◆ What you are asked to do
The expected answer is the set of lines in the data below between the line holding "Definition pmul (n" and the line holding "Definition emb (n", inclusive, written out exactly.

[Items from a data source]
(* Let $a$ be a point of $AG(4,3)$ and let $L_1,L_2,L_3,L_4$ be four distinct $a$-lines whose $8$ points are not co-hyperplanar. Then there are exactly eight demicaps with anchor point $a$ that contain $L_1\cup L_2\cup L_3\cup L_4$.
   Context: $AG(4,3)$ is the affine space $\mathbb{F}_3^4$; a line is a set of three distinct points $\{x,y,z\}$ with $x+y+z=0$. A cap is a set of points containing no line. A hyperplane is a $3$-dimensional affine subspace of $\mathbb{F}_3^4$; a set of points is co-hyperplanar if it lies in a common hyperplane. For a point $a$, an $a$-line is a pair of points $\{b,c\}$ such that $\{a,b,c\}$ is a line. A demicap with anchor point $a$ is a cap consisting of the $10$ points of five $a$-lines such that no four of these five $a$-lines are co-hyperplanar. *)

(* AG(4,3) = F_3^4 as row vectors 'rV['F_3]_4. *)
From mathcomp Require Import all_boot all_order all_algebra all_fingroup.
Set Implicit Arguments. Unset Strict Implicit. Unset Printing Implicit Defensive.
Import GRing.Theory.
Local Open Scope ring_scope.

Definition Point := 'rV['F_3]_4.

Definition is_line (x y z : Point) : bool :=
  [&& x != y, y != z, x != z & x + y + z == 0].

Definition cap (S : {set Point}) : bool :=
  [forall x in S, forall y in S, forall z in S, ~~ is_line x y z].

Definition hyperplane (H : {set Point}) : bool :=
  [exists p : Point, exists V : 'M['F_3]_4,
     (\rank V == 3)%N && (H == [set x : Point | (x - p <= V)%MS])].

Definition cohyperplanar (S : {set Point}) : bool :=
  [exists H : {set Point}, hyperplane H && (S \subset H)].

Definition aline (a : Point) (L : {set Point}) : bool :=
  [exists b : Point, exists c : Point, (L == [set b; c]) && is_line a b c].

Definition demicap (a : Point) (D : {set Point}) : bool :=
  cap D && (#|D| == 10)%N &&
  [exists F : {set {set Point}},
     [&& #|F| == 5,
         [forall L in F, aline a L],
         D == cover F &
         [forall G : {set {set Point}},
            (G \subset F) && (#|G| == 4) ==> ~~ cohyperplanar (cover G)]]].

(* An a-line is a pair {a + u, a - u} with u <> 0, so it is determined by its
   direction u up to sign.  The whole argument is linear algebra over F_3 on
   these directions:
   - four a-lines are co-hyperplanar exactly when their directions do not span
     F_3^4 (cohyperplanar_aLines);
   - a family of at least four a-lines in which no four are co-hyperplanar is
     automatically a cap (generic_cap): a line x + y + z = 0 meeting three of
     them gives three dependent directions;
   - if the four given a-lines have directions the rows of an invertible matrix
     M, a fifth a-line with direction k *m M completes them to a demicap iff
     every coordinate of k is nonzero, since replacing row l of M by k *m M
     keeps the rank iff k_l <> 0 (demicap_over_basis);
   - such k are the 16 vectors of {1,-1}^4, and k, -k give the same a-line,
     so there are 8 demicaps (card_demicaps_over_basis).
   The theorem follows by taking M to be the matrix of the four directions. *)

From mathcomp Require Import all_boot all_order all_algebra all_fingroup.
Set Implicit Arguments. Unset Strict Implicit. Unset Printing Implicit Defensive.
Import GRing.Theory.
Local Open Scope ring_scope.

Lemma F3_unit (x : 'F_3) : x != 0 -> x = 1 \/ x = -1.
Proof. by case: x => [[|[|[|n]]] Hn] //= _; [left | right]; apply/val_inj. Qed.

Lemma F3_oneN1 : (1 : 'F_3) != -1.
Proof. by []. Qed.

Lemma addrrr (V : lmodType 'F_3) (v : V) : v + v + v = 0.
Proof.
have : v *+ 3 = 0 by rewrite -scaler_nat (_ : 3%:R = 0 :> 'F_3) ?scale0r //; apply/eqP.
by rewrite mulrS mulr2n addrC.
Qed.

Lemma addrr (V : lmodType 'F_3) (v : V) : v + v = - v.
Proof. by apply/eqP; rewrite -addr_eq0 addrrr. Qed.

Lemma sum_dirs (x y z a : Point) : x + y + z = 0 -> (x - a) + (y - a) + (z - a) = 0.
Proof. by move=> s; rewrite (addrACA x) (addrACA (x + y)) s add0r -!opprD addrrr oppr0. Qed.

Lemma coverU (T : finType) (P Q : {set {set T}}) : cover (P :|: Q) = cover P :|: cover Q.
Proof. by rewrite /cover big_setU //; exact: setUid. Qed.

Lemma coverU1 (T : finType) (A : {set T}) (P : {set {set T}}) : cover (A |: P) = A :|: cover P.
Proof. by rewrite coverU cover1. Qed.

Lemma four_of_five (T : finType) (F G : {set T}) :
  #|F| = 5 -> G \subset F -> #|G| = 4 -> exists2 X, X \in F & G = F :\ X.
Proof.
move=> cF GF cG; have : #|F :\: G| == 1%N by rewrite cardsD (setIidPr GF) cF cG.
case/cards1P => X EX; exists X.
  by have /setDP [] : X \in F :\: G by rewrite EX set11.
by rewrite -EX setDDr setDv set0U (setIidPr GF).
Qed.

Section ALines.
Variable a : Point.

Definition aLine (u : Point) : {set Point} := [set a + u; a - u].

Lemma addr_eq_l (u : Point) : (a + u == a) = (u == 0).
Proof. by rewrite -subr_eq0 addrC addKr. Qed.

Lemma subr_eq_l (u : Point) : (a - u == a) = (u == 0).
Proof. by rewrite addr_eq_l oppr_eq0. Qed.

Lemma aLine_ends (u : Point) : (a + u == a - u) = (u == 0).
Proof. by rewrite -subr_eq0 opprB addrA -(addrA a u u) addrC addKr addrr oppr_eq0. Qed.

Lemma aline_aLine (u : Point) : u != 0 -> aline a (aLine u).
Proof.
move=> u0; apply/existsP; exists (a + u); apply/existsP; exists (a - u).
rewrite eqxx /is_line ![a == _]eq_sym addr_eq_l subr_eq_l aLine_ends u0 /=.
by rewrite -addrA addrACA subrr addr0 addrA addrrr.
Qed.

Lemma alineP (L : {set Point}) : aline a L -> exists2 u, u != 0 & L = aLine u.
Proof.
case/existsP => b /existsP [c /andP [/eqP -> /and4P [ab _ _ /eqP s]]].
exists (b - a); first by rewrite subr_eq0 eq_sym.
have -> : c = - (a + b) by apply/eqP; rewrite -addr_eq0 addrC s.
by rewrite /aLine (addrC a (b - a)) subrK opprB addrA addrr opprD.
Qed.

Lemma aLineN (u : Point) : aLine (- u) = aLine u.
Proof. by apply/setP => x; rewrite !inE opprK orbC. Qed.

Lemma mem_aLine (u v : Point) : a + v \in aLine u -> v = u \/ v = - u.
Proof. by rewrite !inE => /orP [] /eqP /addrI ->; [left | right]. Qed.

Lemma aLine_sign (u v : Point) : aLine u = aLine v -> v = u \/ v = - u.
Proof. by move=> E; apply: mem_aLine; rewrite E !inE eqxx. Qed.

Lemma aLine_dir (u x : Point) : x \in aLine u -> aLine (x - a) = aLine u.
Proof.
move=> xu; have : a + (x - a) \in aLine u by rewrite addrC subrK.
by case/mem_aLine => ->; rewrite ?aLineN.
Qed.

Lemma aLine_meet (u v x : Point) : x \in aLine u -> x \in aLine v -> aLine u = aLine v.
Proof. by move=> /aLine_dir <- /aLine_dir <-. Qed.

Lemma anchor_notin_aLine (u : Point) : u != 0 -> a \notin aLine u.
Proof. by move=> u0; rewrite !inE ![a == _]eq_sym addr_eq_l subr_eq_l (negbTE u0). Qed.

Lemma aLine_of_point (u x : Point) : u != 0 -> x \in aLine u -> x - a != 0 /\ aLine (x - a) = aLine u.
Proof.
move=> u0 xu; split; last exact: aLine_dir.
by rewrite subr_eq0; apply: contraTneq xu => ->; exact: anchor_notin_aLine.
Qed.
--
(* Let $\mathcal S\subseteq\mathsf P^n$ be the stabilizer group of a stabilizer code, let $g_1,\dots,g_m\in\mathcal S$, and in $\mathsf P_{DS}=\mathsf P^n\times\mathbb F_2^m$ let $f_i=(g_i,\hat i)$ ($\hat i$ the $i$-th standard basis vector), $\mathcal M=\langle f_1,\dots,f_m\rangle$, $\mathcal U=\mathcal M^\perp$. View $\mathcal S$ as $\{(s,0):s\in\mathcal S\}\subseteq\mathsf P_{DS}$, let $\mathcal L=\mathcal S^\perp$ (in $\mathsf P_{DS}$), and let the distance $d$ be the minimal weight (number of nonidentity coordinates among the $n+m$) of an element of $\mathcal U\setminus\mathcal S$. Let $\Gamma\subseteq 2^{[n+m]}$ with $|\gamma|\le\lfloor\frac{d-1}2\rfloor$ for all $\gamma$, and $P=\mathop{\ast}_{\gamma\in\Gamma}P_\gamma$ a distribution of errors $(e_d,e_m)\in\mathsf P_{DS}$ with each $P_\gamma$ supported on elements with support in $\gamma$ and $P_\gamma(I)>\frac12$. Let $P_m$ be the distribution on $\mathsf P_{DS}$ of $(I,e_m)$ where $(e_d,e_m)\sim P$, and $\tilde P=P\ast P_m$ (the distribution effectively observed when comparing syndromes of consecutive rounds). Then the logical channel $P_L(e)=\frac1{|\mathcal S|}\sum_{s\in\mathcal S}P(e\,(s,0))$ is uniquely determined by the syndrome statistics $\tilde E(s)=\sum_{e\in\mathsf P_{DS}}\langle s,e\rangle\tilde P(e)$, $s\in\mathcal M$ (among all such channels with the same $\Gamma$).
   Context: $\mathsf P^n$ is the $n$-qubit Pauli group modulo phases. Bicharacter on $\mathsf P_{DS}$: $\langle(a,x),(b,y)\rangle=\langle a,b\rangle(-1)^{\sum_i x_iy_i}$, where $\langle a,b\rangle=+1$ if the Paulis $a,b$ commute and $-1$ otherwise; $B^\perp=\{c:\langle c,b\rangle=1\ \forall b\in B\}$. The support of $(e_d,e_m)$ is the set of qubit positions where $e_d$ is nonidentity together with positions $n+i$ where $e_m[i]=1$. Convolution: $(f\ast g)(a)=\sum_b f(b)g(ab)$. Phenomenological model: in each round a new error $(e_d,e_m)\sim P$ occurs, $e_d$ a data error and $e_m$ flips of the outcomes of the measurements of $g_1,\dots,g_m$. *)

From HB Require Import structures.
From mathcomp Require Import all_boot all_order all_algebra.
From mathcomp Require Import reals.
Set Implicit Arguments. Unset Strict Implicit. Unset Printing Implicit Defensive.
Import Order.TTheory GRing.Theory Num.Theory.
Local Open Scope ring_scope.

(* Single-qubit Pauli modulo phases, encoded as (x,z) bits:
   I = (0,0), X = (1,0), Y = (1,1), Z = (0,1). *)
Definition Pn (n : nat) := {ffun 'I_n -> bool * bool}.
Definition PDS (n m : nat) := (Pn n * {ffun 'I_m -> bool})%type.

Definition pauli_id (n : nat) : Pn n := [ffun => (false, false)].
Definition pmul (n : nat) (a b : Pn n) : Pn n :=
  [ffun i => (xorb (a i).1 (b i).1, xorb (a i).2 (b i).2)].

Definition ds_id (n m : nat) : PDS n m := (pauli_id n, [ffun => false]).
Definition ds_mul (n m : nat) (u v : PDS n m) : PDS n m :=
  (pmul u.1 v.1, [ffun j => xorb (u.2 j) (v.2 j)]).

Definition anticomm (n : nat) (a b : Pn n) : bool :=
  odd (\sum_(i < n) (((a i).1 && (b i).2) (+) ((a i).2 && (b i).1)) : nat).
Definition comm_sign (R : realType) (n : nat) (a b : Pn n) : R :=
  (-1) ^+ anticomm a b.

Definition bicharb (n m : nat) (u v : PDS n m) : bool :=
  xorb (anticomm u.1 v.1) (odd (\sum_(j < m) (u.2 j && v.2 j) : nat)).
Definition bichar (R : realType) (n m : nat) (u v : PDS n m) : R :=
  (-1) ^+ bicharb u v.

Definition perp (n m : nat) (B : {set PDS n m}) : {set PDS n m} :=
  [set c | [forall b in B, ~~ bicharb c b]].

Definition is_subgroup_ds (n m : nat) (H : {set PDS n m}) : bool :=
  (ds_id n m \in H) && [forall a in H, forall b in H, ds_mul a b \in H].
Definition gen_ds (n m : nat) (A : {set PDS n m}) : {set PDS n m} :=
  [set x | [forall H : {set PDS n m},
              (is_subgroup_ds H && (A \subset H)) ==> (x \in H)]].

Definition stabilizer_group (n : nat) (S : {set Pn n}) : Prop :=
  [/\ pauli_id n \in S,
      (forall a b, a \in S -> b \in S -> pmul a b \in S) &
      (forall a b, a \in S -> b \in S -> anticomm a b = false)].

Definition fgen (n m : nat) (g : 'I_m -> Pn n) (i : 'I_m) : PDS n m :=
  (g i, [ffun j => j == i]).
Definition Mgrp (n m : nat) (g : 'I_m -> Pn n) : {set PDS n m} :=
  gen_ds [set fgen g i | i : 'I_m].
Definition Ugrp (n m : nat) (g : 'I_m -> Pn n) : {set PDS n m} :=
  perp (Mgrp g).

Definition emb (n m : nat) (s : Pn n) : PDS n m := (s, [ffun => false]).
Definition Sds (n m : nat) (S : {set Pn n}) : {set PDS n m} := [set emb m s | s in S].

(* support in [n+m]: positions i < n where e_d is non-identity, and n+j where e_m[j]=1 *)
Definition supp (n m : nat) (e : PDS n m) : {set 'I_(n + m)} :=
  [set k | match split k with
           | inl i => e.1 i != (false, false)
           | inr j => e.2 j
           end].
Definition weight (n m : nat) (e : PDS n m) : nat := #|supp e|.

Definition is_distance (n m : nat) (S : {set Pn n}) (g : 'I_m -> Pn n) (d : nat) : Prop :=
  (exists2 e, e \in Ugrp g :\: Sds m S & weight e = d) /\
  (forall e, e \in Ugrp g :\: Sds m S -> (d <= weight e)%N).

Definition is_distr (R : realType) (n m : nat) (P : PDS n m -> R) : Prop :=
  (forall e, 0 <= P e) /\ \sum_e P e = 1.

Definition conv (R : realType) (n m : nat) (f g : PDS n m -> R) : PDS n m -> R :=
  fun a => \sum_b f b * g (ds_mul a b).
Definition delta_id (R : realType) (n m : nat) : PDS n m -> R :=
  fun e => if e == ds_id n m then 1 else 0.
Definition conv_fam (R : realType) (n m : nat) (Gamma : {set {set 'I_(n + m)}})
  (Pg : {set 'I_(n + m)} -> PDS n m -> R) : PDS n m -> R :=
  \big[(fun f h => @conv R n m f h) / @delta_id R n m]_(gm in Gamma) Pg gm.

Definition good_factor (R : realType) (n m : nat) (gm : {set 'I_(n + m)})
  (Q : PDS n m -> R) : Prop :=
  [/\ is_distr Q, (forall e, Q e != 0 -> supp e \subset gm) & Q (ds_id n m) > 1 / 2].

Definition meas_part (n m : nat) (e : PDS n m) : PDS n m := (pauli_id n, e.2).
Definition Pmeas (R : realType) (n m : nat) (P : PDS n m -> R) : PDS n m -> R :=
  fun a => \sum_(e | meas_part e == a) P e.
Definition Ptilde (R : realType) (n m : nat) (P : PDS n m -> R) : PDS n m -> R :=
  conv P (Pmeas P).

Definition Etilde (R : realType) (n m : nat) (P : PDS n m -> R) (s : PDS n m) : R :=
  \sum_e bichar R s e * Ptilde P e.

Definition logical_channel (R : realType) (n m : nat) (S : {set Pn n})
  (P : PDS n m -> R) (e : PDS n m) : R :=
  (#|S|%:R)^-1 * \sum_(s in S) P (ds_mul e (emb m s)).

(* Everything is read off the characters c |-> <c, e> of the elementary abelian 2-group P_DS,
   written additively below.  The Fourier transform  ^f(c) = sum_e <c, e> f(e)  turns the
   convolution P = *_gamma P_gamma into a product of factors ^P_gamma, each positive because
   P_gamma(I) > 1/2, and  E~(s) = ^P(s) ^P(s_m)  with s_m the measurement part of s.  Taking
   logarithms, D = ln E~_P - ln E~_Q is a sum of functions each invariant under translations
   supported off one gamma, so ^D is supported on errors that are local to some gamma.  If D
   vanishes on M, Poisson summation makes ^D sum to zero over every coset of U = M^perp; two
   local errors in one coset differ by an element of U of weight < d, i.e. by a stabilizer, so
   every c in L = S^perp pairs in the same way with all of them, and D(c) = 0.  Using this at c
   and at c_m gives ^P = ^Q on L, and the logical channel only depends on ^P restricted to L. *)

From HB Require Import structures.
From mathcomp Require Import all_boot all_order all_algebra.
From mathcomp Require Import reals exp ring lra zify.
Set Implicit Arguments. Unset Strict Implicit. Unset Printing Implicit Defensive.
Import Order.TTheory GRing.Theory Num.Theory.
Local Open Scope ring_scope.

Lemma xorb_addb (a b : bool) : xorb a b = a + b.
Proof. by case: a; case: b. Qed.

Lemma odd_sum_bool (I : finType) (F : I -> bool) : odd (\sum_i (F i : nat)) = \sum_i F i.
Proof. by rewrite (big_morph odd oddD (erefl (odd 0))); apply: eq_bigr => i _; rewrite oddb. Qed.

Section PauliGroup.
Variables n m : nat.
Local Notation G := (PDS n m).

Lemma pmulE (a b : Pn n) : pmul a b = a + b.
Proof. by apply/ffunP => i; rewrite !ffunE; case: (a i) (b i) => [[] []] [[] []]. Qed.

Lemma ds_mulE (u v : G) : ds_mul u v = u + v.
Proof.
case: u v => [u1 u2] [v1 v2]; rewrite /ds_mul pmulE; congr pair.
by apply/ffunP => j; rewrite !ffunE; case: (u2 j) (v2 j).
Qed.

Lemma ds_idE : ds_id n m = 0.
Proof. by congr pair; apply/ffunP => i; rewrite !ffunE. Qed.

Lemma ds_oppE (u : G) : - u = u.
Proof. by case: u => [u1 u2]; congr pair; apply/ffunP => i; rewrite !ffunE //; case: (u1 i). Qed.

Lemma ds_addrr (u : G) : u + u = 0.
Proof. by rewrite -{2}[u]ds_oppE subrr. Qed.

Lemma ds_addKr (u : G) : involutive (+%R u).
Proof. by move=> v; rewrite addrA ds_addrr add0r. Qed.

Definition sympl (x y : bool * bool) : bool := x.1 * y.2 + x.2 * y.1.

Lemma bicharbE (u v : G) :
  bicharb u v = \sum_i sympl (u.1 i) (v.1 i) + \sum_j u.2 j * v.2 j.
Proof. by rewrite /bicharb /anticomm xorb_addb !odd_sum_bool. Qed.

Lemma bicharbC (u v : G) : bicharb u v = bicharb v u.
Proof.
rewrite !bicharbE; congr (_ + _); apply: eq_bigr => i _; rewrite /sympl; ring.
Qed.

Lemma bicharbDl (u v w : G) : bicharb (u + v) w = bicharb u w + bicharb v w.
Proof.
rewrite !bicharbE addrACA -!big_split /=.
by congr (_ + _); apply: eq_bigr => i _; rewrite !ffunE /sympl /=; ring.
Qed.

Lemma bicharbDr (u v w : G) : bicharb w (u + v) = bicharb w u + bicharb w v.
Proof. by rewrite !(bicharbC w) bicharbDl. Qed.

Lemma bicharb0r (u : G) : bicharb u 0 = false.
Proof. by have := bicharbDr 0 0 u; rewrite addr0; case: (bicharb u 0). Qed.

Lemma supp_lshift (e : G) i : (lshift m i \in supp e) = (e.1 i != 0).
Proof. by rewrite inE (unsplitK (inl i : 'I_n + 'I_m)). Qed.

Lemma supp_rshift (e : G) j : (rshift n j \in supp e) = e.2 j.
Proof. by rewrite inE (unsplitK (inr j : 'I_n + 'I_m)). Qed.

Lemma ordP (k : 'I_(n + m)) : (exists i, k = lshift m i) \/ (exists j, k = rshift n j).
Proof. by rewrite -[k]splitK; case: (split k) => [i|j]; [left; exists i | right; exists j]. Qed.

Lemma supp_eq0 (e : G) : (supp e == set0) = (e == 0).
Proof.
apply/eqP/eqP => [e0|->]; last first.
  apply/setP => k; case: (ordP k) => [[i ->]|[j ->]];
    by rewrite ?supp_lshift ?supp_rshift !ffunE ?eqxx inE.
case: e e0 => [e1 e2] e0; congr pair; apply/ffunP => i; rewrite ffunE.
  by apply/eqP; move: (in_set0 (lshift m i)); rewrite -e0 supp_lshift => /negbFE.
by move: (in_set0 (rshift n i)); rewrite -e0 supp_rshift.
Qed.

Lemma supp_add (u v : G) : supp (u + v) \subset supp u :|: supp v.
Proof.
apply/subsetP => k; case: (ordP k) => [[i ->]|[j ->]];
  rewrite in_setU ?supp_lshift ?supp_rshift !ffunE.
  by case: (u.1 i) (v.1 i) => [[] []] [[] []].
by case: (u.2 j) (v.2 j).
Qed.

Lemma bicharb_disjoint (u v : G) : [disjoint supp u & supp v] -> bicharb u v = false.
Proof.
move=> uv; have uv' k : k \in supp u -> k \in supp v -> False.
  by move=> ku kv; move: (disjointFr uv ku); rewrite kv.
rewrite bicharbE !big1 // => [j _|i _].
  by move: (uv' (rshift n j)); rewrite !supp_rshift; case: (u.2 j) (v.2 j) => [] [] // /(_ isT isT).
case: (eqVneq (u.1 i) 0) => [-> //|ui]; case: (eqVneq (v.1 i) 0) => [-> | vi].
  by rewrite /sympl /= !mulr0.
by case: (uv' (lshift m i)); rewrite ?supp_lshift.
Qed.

◆ Written solution
Definition pmul (n : nat) (a b : Pn n) : Pn n :=
  [ffun i => (xorb (a i).1 (b i).1, xorb (a i).2 (b i).2)].

Definition ds_id (n m : nat) : PDS n m := (pauli_id n, [ffun => false]).
Definition ds_mul (n m : nat) (u v : PDS n m) : PDS n m :=
  (pmul u.1 v.1, [ffun j => xorb (u.2 j) (v.2 j)]).

Definition anticomm (n : nat) (a b : Pn n) : bool :=
  odd (\sum_(i < n) (((a i).1 && (b i).2) (+) ((a i).2 && (b i).1)) : nat).
Definition comm_sign (R : realType) (n : nat) (a b : Pn n) : R :=
  (-1) ^+ anticomm a b.

Definition bicharb (n m : nat) (u v : PDS n m) : bool :=
  xorb (anticomm u.1 v.1) (odd (\sum_(j < m) (u.2 j && v.2 j) : nat)).
Definition bichar (R : realType) (n m : nat) (u v : PDS n m) : R :=
  (-1) ^+ bicharb u v.

Definition perp (n m : nat) (B : {set PDS n m}) : {set PDS n m} :=
  [set c | [forall b in B, ~~ bicharb c b]].

Definition is_subgroup_ds (n m : nat) (H : {set PDS n m}) : bool :=
  (ds_id n m \in H) && [forall a in H, forall b in H, ds_mul a b \in H].
Definition gen_ds (n m : nat) (A : {set PDS n m}) : {set PDS n m} :=
  [set x | [forall H : {set PDS n m},
              (is_subgroup_ds H && (A \subset H)) ==> (x \in H)]].

Definition stabilizer_group (n : nat) (S : {set Pn n}) : Prop :=
  [/\ pauli_id n \in S,
      (forall a b, a \in S -> b \in S -> pmul a b \in S) &
      (forall a b, a \in S -> b \in S -> anticomm a b = false)].

Definition fgen (n m : nat) (g : 'I_m -> Pn n) (i : 'I_m) : PDS n m :=
  (g i, [ffun j => j == i]).
Definition Mgrp (n m : nat) (g : 'I_m -> Pn n) : {set PDS n m} :=
  gen_ds [set fgen g i | i : 'I_m].
Definition Ugrp (n m : nat) (g : 'I_m -> Pn n) : {set PDS n m} :=
  perp (Mgrp g).

Definition emb (n m : nat) (s : Pn n) : PDS n m := (s, [ffun => false]).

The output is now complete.